Key Word(s): Multiple Linear Regression, Logistic Regression, Classification, Principal Component Analysis (PCA)

CS109A Introduction to Data Science

Standard Section 5: Logistic Regression and PCA¶

Harvard University
Fall 2018
Section Leaders: Mehul Smriti Raje, Ken Arnold, Karan Motwani, Cecilia Garraffo
Instructors: Pavlos Protopapas, Kevin Rader

In [1]:

#RUN THIS CELL 
from IPython.core.display import HTML
HTML('')

Out[1]:

In this section we will be covering Logistic Regression and PCA using the Wine dataset. The goal is to get you familiarized with the implementation of Logistic Regresison and PCA through the use of a dataset we haven't seen. The exercises below will help you be able to answer parts of Homework 5.

Specifically, we will:

1. Import data, explore with analyse relationship with response.
2. Fit a linear regression model for classification, understand drawbacks and interpret results.
3. Fit a logistic regression model for classification, compare performance and interpret results.
3. Use PCA to reduce dimensionality, fit model to PCA components and compare performance.

For this section we will be using the following packages:

In [1]:

# Data and Stats packages
import numpy as np
import pandas as pd
import statsmodels.api as sm
from statsmodels.api import OLS
from sklearn import metrics, datasets
from sklearn.model_selection import train_test_split
from sklearn.decomposition import PCA
from sklearn.linear_model import LogisticRegression
from sklearn.linear_model import LogisticRegressionCV
from sklearn.discriminant_analysis import LinearDiscriminantAnalysis
from sklearn.discriminant_analysis import QuadraticDiscriminantAnalysis
from sklearn.preprocessing import PolynomialFeatures
from sklearn.neighbors import KNeighborsClassifier
from sklearn.model_selection import cross_val_score
from sklearn.metrics import accuracy_score
from sklearn.model_selection import KFold
from sklearn.preprocessing import MinMaxScaler

# Visualization packages
%matplotlib inline
import matplotlib
import matplotlib.pyplot as plt
import seaborn as sns
matplotlib.rcParams['figure.figsize'] = (13.0, 6.0)

# Other
import itertools
import tqdm

# Aesthetic settings
from IPython.display import display
pd.set_option('display.max_columns', 999)
pd.set_option('display.width', 500)
sns.set_style('whitegrid')
sns.set_context('talk')

/anaconda3/lib/python3.6/site-packages/statsmodels/compat/pandas.py:56: FutureWarning: The pandas.core.datetools module is deprecated and will be removed in a future version.
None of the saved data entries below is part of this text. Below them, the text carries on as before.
Lemma is_pdt_covers_values (T : pdt Sg) P (sg : subst Sg) :
  is_pdt T P ->
  (forall v, In v (vars P) -> value (sg v) (snd v)) ->
  (exists l r, In (l, r) (rules_of T) /\ matches l (apply sg P)) \/
  (exists E, In E (exempts_of T) /\ matches E (apply sg P)).
Proof.
  revert P sg; induction T as [l0 r0|p0|p0 x subs IH] using pdt_nested_ind;
    intros P sg HP Hsg; inversion HP as [| | ? ? ? Hx Hsubs]; subst.
  - left; exists P, r0; split; [left; reflexivity|exists sg; reflexivity].
  - right; exists P; split; [left; reflexivity|exists sg; reflexivity].
  - rewrite rules_of_PBranch, exempts_of_PBranch. rewrite Forall_forall in IH.
    pose proof (Hsg x Hx) as Hvx.
    destruct (sg x) as [|c args|] eqn:Ex; [discriminate (proj1 (proj2 Hvx))| |destruct Hvx as [[] _]].
    apply value_Con in Hvx as [Hc Hargs].
    assert (Hin : In c (cons_of (snd x))) by (apply cons_of_spec; auto).
    destruct (Forall2_In_l _ _ _ _ Hsubs Hin) as (T' & HT' & ys & Hys & Hnd & Hfresh & Hp).
    rewrite <- Hys in Hargs.
    assert (Hlen : length ys = length args)
      by (apply Forall2_length in Hargs; rewrite length_map in Hargs; auto).
    rewrite <- (apply_subst_update P x c ys args sg Hfresh) by auto.
    destruct (IH T' HT' _ _ Hp (subst_update_values P x c ys args sg Hfresh Hsg Hargs))
      as [(l & r & Hl & Hm)|(E & HE & Hm)].
    + left; exists l, r; split; auto; apply in_flat_map; eauto.
    + right; exists E; split; auto; apply in_flat_map; eauto.
Qed.

Lemma is_pdt_exempt_rule_disjoint (T : pdt Sg) P E l r p :
  is_pdt T P -> In E (exempts_of T) -> In (l, r) (rules_of T) ->
  matches E p -> matches l p -> False.
Proof.
  revert P; induction T as [l0 r0|p0|p0 x subs IH] using pdt_nested_ind;
    intros P HP HE Hl HmE Hml; inversion HP as [| | ? ? ? Hx Hsubs]; subst.
  - destruct HE.
  - destruct Hl.
  - rewrite rules_of_PBranch in Hl; rewrite exempts_of_PBranch in HE.
    apply in_flat_map in HE as (T1 & HT1 & HE).
    apply in_flat_map in Hl as (T2 & HT2 & Hl).
    destruct (Forall2_In_combine_r _ _ _ _ Hsubs HT1) as (c1 & Hc1 & ys1 & _ & _ & _ & Hp1).
    destruct (Forall2_In_combine_r _ _ _ _ Hsubs HT2) as (c2 & Hc2 & ys2 & _ & _ & _ & Hp2).
    assert (Ec : c1 = c2).
    { destruct (proj2 (is_pdt_leaf_instances _ _ Hp1) _ HE) as [th1 ->].
      destruct (proj1 (is_pdt_leaf_instances _ _ Hp2) _ _ Hl) as [th2 ->].
      destruct HmE as [s1 Hs1], Hml as [s2 Hs2]. rewrite apply_comp, apply_comp in Hs1, Hs2.
      rewrite Hs1 in Hs2. apply (apply_eq_vars _ _ _ x Hx) in Hs2.
      unfold subst1 in Hs2; destruct (var_eq_dec x x) as [_|]; [|congruence].
      injection Hs2 as Ec _; exact Ec. }
    subst c2.
    assert (T1 = T2) as <- by (eapply combine_NoDup_functional; eauto using cons_of_nodup).
    rewrite Forall_forall in IH. eapply (IH T1); eauto.
Qed.
Lemma interp_weight_growth (alpha C P : R) :
  0 <= C -> growth_bound alpha C H -> (\int[mu]_x (h x)%:E = P%:E)%E ->
  growth_bound (th * alpha) (powR P (1 - th) * powR C th / powR c (1 - th))
    interp_weight.
Proof.
move=> C0 HC hP x0 r r1.
have r0 : 0 <= r by exact: le_trans r1.
under eq_integral do rewrite /interp_weight EFinM muleC.
rewrite ge0_integralZl_EFin //; first last.
- by rewrite invr_ge0 powR_ge0.
- apply/measurable_EFinP/measurable_funTS/measurable_funM;
    exact: measurableT_comp (measurable_powR _) _.
- by move=> x _; rewrite lee_fin mulr_ge0 ?powR_ge0.
- exact: measurable_ball2.
rewrite -lee_pdivlMl ?invr_gt0 ?powR_gt0 // invrK -EFinM.
apply: le_trans (hoelder_interpolation (mu := mu) th01 (measurable_ball2 x0 r) mh mH h0 H0 hP
  (HC x0 r r1) (mulr_ge0 C0 (powR_ge0 _ _))) _.
rewrite lee_fin powRM ?powR_ge0 // -powRrM [alpha * th]mulrC.
by rewrite le_eqVlt; apply/predU1P; left; field; rewrite gt_eqF ?powR_gt0.
Qed.

Lemma le_interp_weight (F q s : R) x : s * th = q -> 0 <= F ->
  h x <= powR F s * H x -> h x / powR c (1 - th) <= powR F q * interp_weight x.
Proof.
move=> sq F0 hle; have /andP[th0 _] := th01.
rewrite /interp_weight mulrA ler_pM2r ?invr_gt0 ?powR_gt0 //.
exact: le_powR_interpolate (ltW th0) sq (h0 x) F0 (H0 x) hle.
Qed.

End interpolated_weight.

Section weighted_bound_transfer.
Variable R : realType.
Local Notation T := (R * R)%type.
Local Notation mu := (@leb2 R).
Variables (alpha beta q Ce K Rad : R) (F : T -> R).
Hypotheses (beta0 : 0 < beta) (beta_alpha : beta < alpha).
Hypotheses (Ce0 : 0 <= Ce) (K0 : 0 <= K) (F0 : forall x, 0 <= F x).
Let B := ball2 (0%R, 0%R) Rad.
Hypothesis F_beta : forall G, is_weight beta G ->
  (\int[mu]_(x in B) (powR (F x) q * G x)%:E <= Ce%:E * A_alpha beta G * K%:E)%E.
Variables (C : R) (H : T -> R).
Hypotheses (C0 : 0 <= C) (mH : measurable_fun setT H) (H01 : forall x, 0 <= H x <= 1).
Hypothesis HC : growth_bound alpha C H.

Let alpha0 : 0 < alpha. Proof. exact: lt_trans beta_alpha. Qed.
Let th := beta / alpha.
Let th01 : 0 < th < 1.
Proof. by rewrite divr_gt0 //= ltr_pdivrMr // mul1r. Qed.
Let th_inv : th^-1 = alpha / beta. Proof. by rewrite invf_div. Qed.
(* Every normal of A_n(a) is e_i or e_i - mu e_j, with mu = a_1^p_1 ... a_m^p_m the
   image of an exponent vector p under a character of Z^m, which multiplicative
   independence makes injective.  Gaussian elimination on such vectors, pivoting on
   the i-th coordinate of e_i or of e_i - mu e_j, keeps every vector in one of these
   shapes, and the only test it performs is whether some (1 - mu) e_i vanishes, i.e.
   whether an exponent vector is 0.  So the rank of every subfamily of normals is the
   same for all injective characters; these ranks determine both which normals define
   the same hyperplane and every term of the characteristic polynomial. *)

From HB Require Import structures.
From mathcomp Require Import all_boot all_order all_algebra.
From mathcomp Require Import ring.
Import Order.TTheory GRing.Theory Num.Theory.
Set Implicit Arguments. Unset Strict Implicit. Unset Printing Implicit Defensive.
Local Open Scope ring_scope.

Section RankOfRows.
Variables (F : fieldType) (n : nat).
Implicit Types (u v w : 'rV[F]_n) (l : seq 'rV[F]_n).

Definition span_seq l : 'M[F]_n := (\sum_(v <- l) <<v>>)%MS.
Definition rank_seq l := \rank (span_seq l).

Lemma span_seq_cons v l : span_seq (v :: l) = (<<v>> + span_seq l)%MS.
Proof. by rewrite /span_seq big_cons. Qed.

Lemma rank_seq_nil : rank_seq [::] = 0%N.
Proof. by rewrite /rank_seq /span_seq big_nil mxrank0. Qed.

Lemma rank_seq_cons0 l : rank_seq (0 :: l) = rank_seq l.
Proof. by rewrite /rank_seq span_seq_cons genmx0 adds0mx_id. Qed.

Lemma eq_rank_seq_cons u u' l : (u :=: u')%MS -> rank_seq (u :: l) = rank_seq (u' :: l).
Proof. by move=> eq_uu'; rewrite /rank_seq !span_seq_cons (eq_genmx eq_uu'). Qed.

Lemma eq_rank_seq_map (T : Type) (g h : T -> 'rV[F]_n) (s : seq T) :
  (forall x, (g x :=: h x)%MS) -> rank_seq (map g s) = rank_seq (map h s).
Proof.
move=> eq_gh; rewrite /rank_seq /span_seq !big_map.
by congr (\rank _); apply: eq_bigr => x _; apply: eq_genmx.
Qed.

Lemma eqmx_scaled u v : (exists2 c, c != 0 & u = c *: v) -> (u :=: v)%MS.
Proof. by case=> c c_neq0 ->; apply: eqmx_scale. Qed.

Lemma sub_span_seq v l : v \in l -> (v <= span_seq l)%MS.
Proof.
elim: l => // w l IHl; rewrite inE span_seq_cons => /predU1P[->|/IHl].
  by rewrite -genmxE addsmxSl.
by move/submx_trans; apply; apply: addsmxSr.
Qed.
Lemma word_inj n : injective (@word n).
Proof.
move=> s s' eq_ss'; apply/permP => i; apply: val_inj.
by rewrite /= -!nth_word eq_ss'.
Qed.

Lemma permsP n x : reflect (exists s : 'S_n, x = word s) (x \in perms n).
Proof.
have iotaE : iota 0 n = [tuple val i | i < n] by rewrite /= -val_enum_ord.
rewrite mem_permutations iotaE; apply: (iffP tuple_permP) => -[s ->]; exists s;
  by rewrite /word /=; apply: eq_map => i; rewrite tnth_mktuple.
Qed.

Lemma contains_popE n (s : 'S_n) : contains_pop 4 pop_p s <-> containsw (word s).
Proof.
split.
- case/existsP => f /andP [/forallP incr /forallP rel].
  have f_incr (i j : 'I_4) : i < j -> f i < f j.
    by move: (incr i) => /forallP/(_ j)/implyP.
  have f_rel (i j : 'I_4) : (i.+1, j.+1) \in pop_p -> s (f j) < s (f i).
    by move: (rel i) => /forallP/(_ j)/implyP.
  exists (f (@Ordinal 4 0 isT)), (f (@Ordinal 4 1 isT)), (f (@Ordinal 4 2 isT)),
         (f (@Ordinal 4 3 isT)).
  rewrite !nth_word size_word ltn_ord.
  by split; try apply: f_incr; split; apply: f_rel.
- case=> i [j [k [l [ij jk kl]]]]; rewrite size_word => ln.
  have [lt_i lt_j lt_k] : [/\ i < n, j < n & k < n] by split; lia.
  rewrite (nth_word s (Ordinal lt_i)) (nth_word s (Ordinal lt_j)).
  rewrite (nth_word s (Ordinal lt_k)) (nth_word s (Ordinal ln)) => -[ji ki jl].
  pose pos := [:: Ordinal lt_i; Ordinal lt_j; Ordinal lt_k; Ordinal ln].
  apply/existsP; exists [ffun x : 'I_4 => nth (Ordinal ln) pos x].
  apply/andP; split; apply/forallP => -[x ltx]; apply/forallP => -[y lty]; rewrite !ffunE.
  + by case: x ltx => [|[|[|[|x]]]] //; case: y lty => [|[|[|[|y]]]] //= _ _; lia.
  + by case: x ltx => [|[|[|[|x]]]] //; case: y lty => [|[|[|[|y]]]].
Qed.

Lemma a_count n : a n = count avoidsw (perms n).
Proof.
have words_perms : perm_eq [seq word s | s <- enum 'S_n] (perms n).
  apply: uniq_perm; rewrite ?permutations_uniq ?(map_inj_uniq (@word_inj n)) ?enum_uniq //.
  move=> x; apply/mapP/permsP => -[s]; first by exists s.
  by exists s; rewrite ?mem_enum.
rewrite /a /num_avoiders cardE /enum_mem size_filter -(seq.permP words_perms).
rewrite [RHS]count_map enumT; apply: eq_count => s; rewrite /= inE /avoids_pop.
apply/idP/idP; first by apply: contraNT => /avoidswP /contains_popE.
by apply: contraL => /contains_popE /avoidswP.
Qed.

Definition ins (m : nat) (s : seq nat) : seq nat := take m s ++ size s :: drop m s.

Lemma size_ins m s : size (ins m s) = (size s).+1.
Proof. by rewrite size_cat /= addnS -size_cat cat_take_drop. Qed.

Lemma perm_ins m s : perm_eq (ins m s) (size s :: s).
Proof. by rewrite /ins -cat1s perm_catCA /= perm_cons cat_take_drop. Qed.

Lemma index_rem_cat (x : nat) u v : x \notin u ->
  index x (u ++ x :: v) = size u /\ rem x (u ++ x :: v) = u ++ v.
Proof.
elim: u => [|y u IH] /=; first by rewrite eqxx.
by rewrite in_cons negb_or eq_sym => /andP [/negbTE -> /IH [-> ->]].
Qed.

Lemma ins_inv m s : size s \notin s -> m <= size s ->
  index (size s) (ins m s) = m /\ rem (size s) (ins m s) = s.
Proof.
move=> ns ms; have ns_take : size s \notin take m s by apply: contra ns; apply: mem_take.
by have [-> ->] := index_rem_cat (drop m s) ns_take; rewrite size_takel // cat_take_drop.
Qed.

Lemma perms_mem n s : s \in perms n -> [/\ size s = n, uniq s & all (gtn n) s].
Proof.
rewrite mem_permutations => ps; rewrite (perm_size ps) (perm_uniq ps) size_iota iota_uniq.
by split=> //; apply/allP => x; rewrite (perm_mem ps) mem_iota.
Qed.

Lemma perms_succE n t : (t \in perms n.+1) = perm_eq t (n :: iota 0 n).
Proof. by rewrite mem_permutations -addn1 iotaD cats1 perm_sym perm_rcons perm_sym. Qed.

Lemma ins_perms n m s : s \in perms n -> ins m s \in perms n.+1.
Proof.
move=> sn; have [size_s _ _] := perms_mem sn.
by rewrite perms_succE (permPl (perm_ins m s)) size_s perm_cons -mem_permutations.
Qed.

Lemma perms_ins n t : t \in perms n.+1 ->
  exists m s, [/\ s \in perms n, m <= n & t = ins m s].
Proof.
move=> tn; have [size_t uniq_t _] := perms_mem tn.
have n_t : n \in t by move: tn; rewrite perms_succE => /perm_mem ->; apply: mem_head.
case/splitPr: n_t tn size_t uniq_t => u v tn size_t uniq_t.
have size_uv : size (u ++ v) = n by move: size_t; rewrite !size_cat /= addnS => -[].
exists (size u), (u ++ v); split.
- rewrite mem_permutations -(perm_cons n).
  by move: tn; rewrite perms_succE -cat1s perm_catCA.
- by rewrite -size_uv size_cat leq_addr.
- by rewrite /ins size_uv take_size_cat // drop_size_cat.
Qed.

Lemma gtn_notin n s : all (gtn n) s -> n \notin s.
Proof. by move=> /allP sn; apply/negP => /sn; rewrite /= ltnn. Qed.

Lemma perms_succ n :
  perm_eq (perms n.+1) [seq ins m s | s <- perms n, m <- iota 0 n.+1].
Proof.
apply: uniq_perm; rewrite ?permutations_uniq //.
  apply: allpairs_uniq; rewrite ?permutations_uniq ?iota_uniq //.
  have ins_inj s m : s \in perms n -> m \in iota 0 n.+1 ->
      index n (ins m s) = m /\ rem n (ins m s) = s.
    case/perms_mem => <- _ all_s; rewrite mem_iota ltnS => /andP [_ ms].
    exact: ins_inv (gtn_notin all_s) ms.
  move=> _ _ /allpairsP [[s m] [sn mn ->]] /allpairsP [[s' m'] [sn' mn' ->]] /= eq_ins.
  have [i r] := ins_inj s m sn mn; have [i' r'] := ins_inj s' m' sn' mn'.
  by congr (_, _); [rewrite -r -r' | rewrite -i -i']; rewrite eq_ins.
move=> t; apply/idP/allpairsP => [/perms_ins [m [s [sn mn ->]]] | [[s m] [sn _ ->]]].
  by exists (s, m); rewrite mem_iota.
exact: ins_perms.
Qed.

Lemma sum_perms_succ n (F : seq nat -> nat) :
  \sum_(t <- perms n.+1) F t = \sum_(s <- perms n) \sum_(m <- iota 0 n.+1) F (ins m s).
Proof. by rewrite (perm_big _ (perms_succ n)) big_allpairs_dep. Qed.

(* Position j of s can receive a new maximum, in the sense of [avoidsw_ins]. *)
Definition admissible (s : seq nat) (j : nat) : bool :=
  inv_le1 (take j s) && far_dec (drop j s).

Lemma all_gtn_take n j s : all (gtn n) s -> all (gtn n) (take j s).
Proof. by move=> /allP sn; apply/allP => x /mem_take /sn. Qed.

Lemma all_gtn_drop n j s : all (gtn n) s -> all (gtn n) (drop j s).
Proof. by move=> /allP sn; apply/allP => x /mem_drop /sn. Qed.

Lemma avoidsw_ins_max m s : all (gtn (size s)) s ->
  avoidsw (ins m s) = avoidsw s && admissible s m.
Proof.
by move=> sn; rewrite avoidsw_ins ?all_gtn_take ?all_gtn_drop // cat_take_drop andbA.
Qed.

Lemma inv_le1_take j s : inv_le1 s -> inv_le1 (take j s).
Proof.
elim: s j => [|x s IH] [|j] //= /andP [cnt_x inv_s]; rewrite IH // andbT.
by apply: leq_trans cnt_x; rewrite -[X in _ <= count _ X](cat_take_drop j) count_cat leq_addr.
Qed.

Lemma far_dec_drop j s : far_dec s -> far_dec (drop j s).
Proof. by elim: s j => [|x s IH] [|j] //= /andP [_ /IH]. Qed.

Lemma inv_le1_ins n u v : all (gtn n) u ->
  inv_le1 (u ++ n :: v) = inv_le1 (u ++ v) && (count (fun y => y < n) v <= 1).
Proof.
elim: u => [|x u IH] /=; first by rewrite andbC.
case/andP=> xn /IH ->; rewrite !count_cat /= ltnNge (ltnW xn) add0n.
by rewrite andbA.
Qed.

Lemma far_dec_max n v : all (gtn n) v -> far_dec (n :: v) = far_dec v.
Proof.
move=> vn /=; suff /negbTE -> : ~~ has (fun y => n < y) (behead v) by [].
by apply/hasPn => y /mem_behead /(allP vn) /= yn; rewrite -leqNgt ltnW.
Qed.

Definition rl_max (s : seq nat) (i : nat) : bool :=
  ~~ has (fun y => nth 0 s i < y) (drop i.+1 s).

Definition label : Type := (bool * bool * bool)%type.

(* The first bit says whether position m-1
   of t is admissible, the second whether position m+2 is, and the third whether
   moreover the entry after the maximum of t is a right-to-left maximum (which
   fixes the first bit of the child at m+2). *)
Definition label_of (m : nat) (s : seq nat) : label :=
  ((0 < m) && rl_max s m.-1,
   (m < size s) && inv_le1 (take m.+1 s),
   [&& m < size s, inv_le1 (take m.+1 s) & rl_max s m]).

Definition succ_rule (g : label -> nat) (l : label) : nat :=
  let: (x, y, z) := l in
  (if x then g (false, true, false) else 0) + g (false, true, true) + g (true, y, z)
  + (if y then g (z, false, false) else 0).

(* Throughout, t = ins m s is an avoider: s is a word below [size s] and m is
   admissible for s. *)
Section MaxInsertion.

Variables (m : nat) (s : seq nat).
Hypotheses (s_lt : all (gtn (size s)) s) (m_le : m <= size s).
Hypotheses (inv_m : inv_le1 (take m s)) (far_m : far_dec (drop m s)).

Lemma inv_le1_take_ins j : j <= (size s).+1 ->
  inv_le1 (take j (ins m s)) = (j <= m.+1) || (j == m.+2) && inv_le1 (take m.+1 s).
Proof.
case: (leqP j m) => [jm _ | mj].
  by rewrite /ins takel_cat ?size_takel // inv_le1_take // (leq_trans jm).
have [k ->] : exists k, j = m + k.+1 by exists (j - m.+1); lia.
move=> jn; rewrite /ins take_cat size_takel // ltnNge leq_addr /= addKn /=.
rewrite inv_le1_ins ?all_gtn_take // -takeD.
have := all_gtn_take k (all_gtn_drop m s_lt); rewrite all_count => /eqP ->.
rewrite size_takel; last by rewrite size_drop; lia.
case: k {mj jn} => [|[|k]]; rewrite ?addn0 ?addn1 ?addn2 ?inv_m.
- by rewrite leqnn.
- by rewrite ltnn eqxx andbT.
- by rewrite andbF; case: (inv_le1 _); lia.
Qed.

Lemma far_dec_drop_ins j :
  far_dec (drop j (ins m s)) = (m <= j) || (j.+1 == m) && rl_max s j.
Proof.
case: (leqP m j) => [mj | jm].
  have [k ->] : exists k, j = m + k by exists (j - m); lia.
  rewrite /ins drop_cat size_takel // ltnNge leq_addr /= addKn.
  by case: k => [|k]; rewrite ?drop0 ?far_dec_max ?all_gtn_drop //= far_dec_drop.
have m_s : j < size s by lia.
rewrite /ins drop_cat size_takel // jm /= (drop_nth 0) ?size_takel //.
rewrite nth_take //=; move: jm far_m; rewrite leq_eqVlt => /orP [/eqP <- | jm1] far_suffix.
  rewrite eqxx drop_oversize ?size_takel // cat0s far_dec_max ?all_gtn_drop //.
  by rewrite far_suffix andbT.
rewrite (drop_nth 0) ?size_takel // (ltn_eqF jm1) /=.
apply/negbTE; rewrite negb_and negbK; apply/orP; left; apply/hasP.
exists (size s); first by rewrite mem_cat mem_head orbT.
exact: (allP s_lt) _ (mem_nth 0 m_s).
Qed.

Lemma rl_max_ins_lt i : i < m -> rl_max (ins m s) i = false.
Proof.
move=> im; have i_s : i < size s by lia.
apply/negbF/hasP; exists (size s).
  rewrite /ins drop_cat size_takel //; case: ifP => _; first by rewrite mem_cat mem_head orbT.
  by rewrite (_ : i.+1 - m = 0) ?mem_head //; lia.
by rewrite /ins nth_cat size_takel // im nth_take //; apply: (allP s_lt); rewrite mem_nth.
Qed.

Lemma rl_max_ins_max : rl_max (ins m s) m.
Proof.
rewrite /rl_max /ins nth_cat drop_cat size_takel // ltnn ltnNge leqnSn /= subnn subSnn /=.
by rewrite drop0; apply/hasPn => y yv; rewrite -leqNgt ltnW //; apply: (allP (all_gtn_drop m s_lt)).
Qed.

Lemma rl_max_ins_next : rl_max (ins m s) m.+1 = rl_max s m.
Proof.
rewrite /rl_max /ins nth_cat drop_cat size_takel // ltnNge leqnSn /= ltnNge.
rewrite (leqW (leqnSn m)) subSnn (_ : m.+2 - m = 2) /=; last by lia.
by rewrite nth_drop addn0 drop_drop.
Qed.

Lemma admissible_ins j : j <= (size s).+1 ->
  admissible (ins m s) j = [|| (j.+1 == m) && rl_max s j, j == m, j == m.+1
                             | (j == m.+2) && inv_le1 (take m.+1 s)].
Proof.
move=> jn; rewrite /admissible inv_le1_take_ins // far_dec_drop_ins.
by case: (rl_max s j); case: (inv_le1 _); lia.
Qed.

Lemma admissible_positions :
  [seq j <- iota 0 (size s).+2 | admissible (ins m s) j] =
  nseq (label_of m s).1.1 m.-1 ++ [:: m; m.+1] ++ nseq (label_of m s).1.2 m.+2.
Proof.
apply: (irr_sorted_eq ltn_trans ltnn); rewrite /label_of.
- by apply: sorted_filter; [exact: ltn_trans | exact: iota_ltn_sorted].
- have := ltn_predL m; case: (0 < m) => pm; case: (rl_max s _);
    by case: (m < size s); case: (inv_le1 _); rewrite /= ?pm ?ltnSn.
move=> j; rewrite mem_filter mem_iota !mem_cat !mem_nseq !lt0b !inE /=.
have [jn | jn] := ltnP j (size s).+2; last by case: (rl_max s _); case: (inv_le1 _); lia.
rewrite admissible_ins //; have [<- | jm] := eqVneq j.+1 m.
  by case: (rl_max s j); case: (inv_le1 _); lia.
by case: (rl_max s j); case: (rl_max s m.-1); case: (inv_le1 _); lia.
Qed.

Lemma label_before : 0 < m -> label_of m.-1 (ins m s) = (false, true, false).
Proof.
move=> m_pos; rewrite /label_of size_ins prednK // inv_le1_take_ins ?(leqW m_le) //.
by rewrite !rl_max_ins_lt ?andbF ?leqnSn //; lia.
Qed.

Lemma label_at : label_of m (ins m s) = (false, true, true).
Proof.
rewrite /label_of size_ins inv_le1_take_ins ?rl_max_ins_max ?leqnSn ?ltnS //.
have [-> // | m_pos] := posnP m.
by rewrite rl_max_ins_lt ?m_le ?leqnn //; lia.
Qed.

Lemma label_after :
  label_of m.+1 (ins m s) = (true, (label_of m s).1.2, (label_of m s).2).
Proof.
rewrite /label_of size_ins rl_max_ins_max rl_max_ins_next /= ltnS.
by case: (ltnP m (size s)) => ms; rewrite /= ?inv_le1_take_ins ?ltnn ?eqxx.
Qed.

Lemma label_after2 : m < size s -> label_of m.+2 (ins m s) = (rl_max s m, false, false).
Proof.
move=> ms; rewrite /label_of size_ins rl_max_ins_next /= ltnS.
have [m1s | //] := ltnP m.+1 (size s); rewrite inv_le1_take_ins //.
by have -> : (m.+3 <= m.+1) || (m.+3 == m.+2) && inv_le1 (take m.+1 s) = false by lia.
Qed.

Lemma succession (g : label -> nat) :
  \sum_(j <- iota 0 (size s).+2 | admissible (ins m s) j) g (label_of j (ins m s)) =
  succ_rule g (label_of m s).
Proof.
rewrite -big_filter admissible_positions !big_cat !big_cons big_nil label_at label_after.
case lE: (label_of m s) => [[x y] z] /=; rewrite /label_of in lE; case: lE => xE yE zE.
case: x xE => [/andP [m_pos _] | _]; case: y yE zE => [/andP [ms inv1] | _] zE;
  rewrite ?big_cons big_nil ?label_before ?label_after2 // -?zE ?ms ?inv1 /=; lia.
Qed.

End MaxInsertion.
Please use the pandas.tseries module instead.
  from pandas.core import datetools

Part One¶

Import Dataset¶

In [2]:

#Import dataframe
flowers_df = pd.read_csv('flowers.csv')
del flowers_df['Unnamed: 0']
display(flowers_df.head())

	sepal_length	sepal_width	petal_length	petal_width	species
0	7.0	3.2	4.7	1.4	versicolor
1	6.4	3.2	4.5	1.5	versicolor
2	6.9	3.1	4.9	1.5	versicolor
3	5.5	2.3	4.0	1.3	versicolor
4	6.5	2.8	4.6	1.5	versicolor

As we can see, species here is the response variable which defines flower type and the 4 predictor variables are flower characteristics.

In [3]:

#Describe dataset
flowers_df['species'] = flowers_df['species'] == 'versicolor'
display(flowers_df.describe())

	sepal_length	sepal_width	petal_length	petal_width
count	100.000000	100.000000	100.000000	100.000000
mean	6.262000	2.872000	4.906000	1.676000
std	0.662834	0.332751	0.825578	0.424769
min	4.900000	2.000000	3.000000	1.000000
25%	5.800000	2.700000	4.375000	1.300000
50%	6.300000	2.900000	4.900000	1.600000
75%	6.700000	3.025000	5.525000	2.000000
max	7.900000	3.800000	6.900000	2.500000

Explore Data¶

Check which variables have high correlations and distinctive patterns with the response. Any patterns worth mentioning?

In [4]:

sns.pairplot(flowers_df, hue="species")
plt.show()

This plot is great because it not only shows correlations but also relationship with the response. The left diagonal shows the histogram for each predictor with the response subset. You can re-create the left diagonal with the code below.¶

In [5]:

#Explore dataset for relationships with Quality
subset_species_0, subset_species_1 = flowers_df[flowers_df['species'] == 0], flowers_df[flowers_df['species'] == 1]

#Get set of predictors
columns = list(flowers_df.columns)
columns.remove('species')

#Plot relationship
fig, ax = plt.subplots(2, 2, figsize=(15, 15))
alpha = 0.4
count = 0
for i in range(2):
    for j in range(2):
        ax[i, j].hist(subset_species_0[columns[count]], alpha=alpha, label='Species = 0', normed=True)
        ax[i, j].hist(subset_species_1[columns[count]], alpha=alpha, label='Species = 1', normed=True)
        ax[i, j].set_title(columns[count]+' vs Quality')
        ax[i, j].set_xlabel(columns[count])
        ax[i, j].set_ylabel('Frequency')
        ax[i, j].legend()
        count += 1
plt.show()

We can observe that petal_length, petal_width are useful distinguishing predictors for flower species.

Split and Normalize Data¶

In [6]:

#Split data into train and test
np.random.seed(1001)
msk = np.random.rand(len(flowers_df)) < 0.7
data_train = flowers_df[msk]
data_test = flowers_df[~msk]

#Split predictor and response columns
x_train, y_train = data_train.drop(['species'], axis=1), data_train['species']
x_test, y_test = data_test.drop(['species'], axis=1), data_test['species']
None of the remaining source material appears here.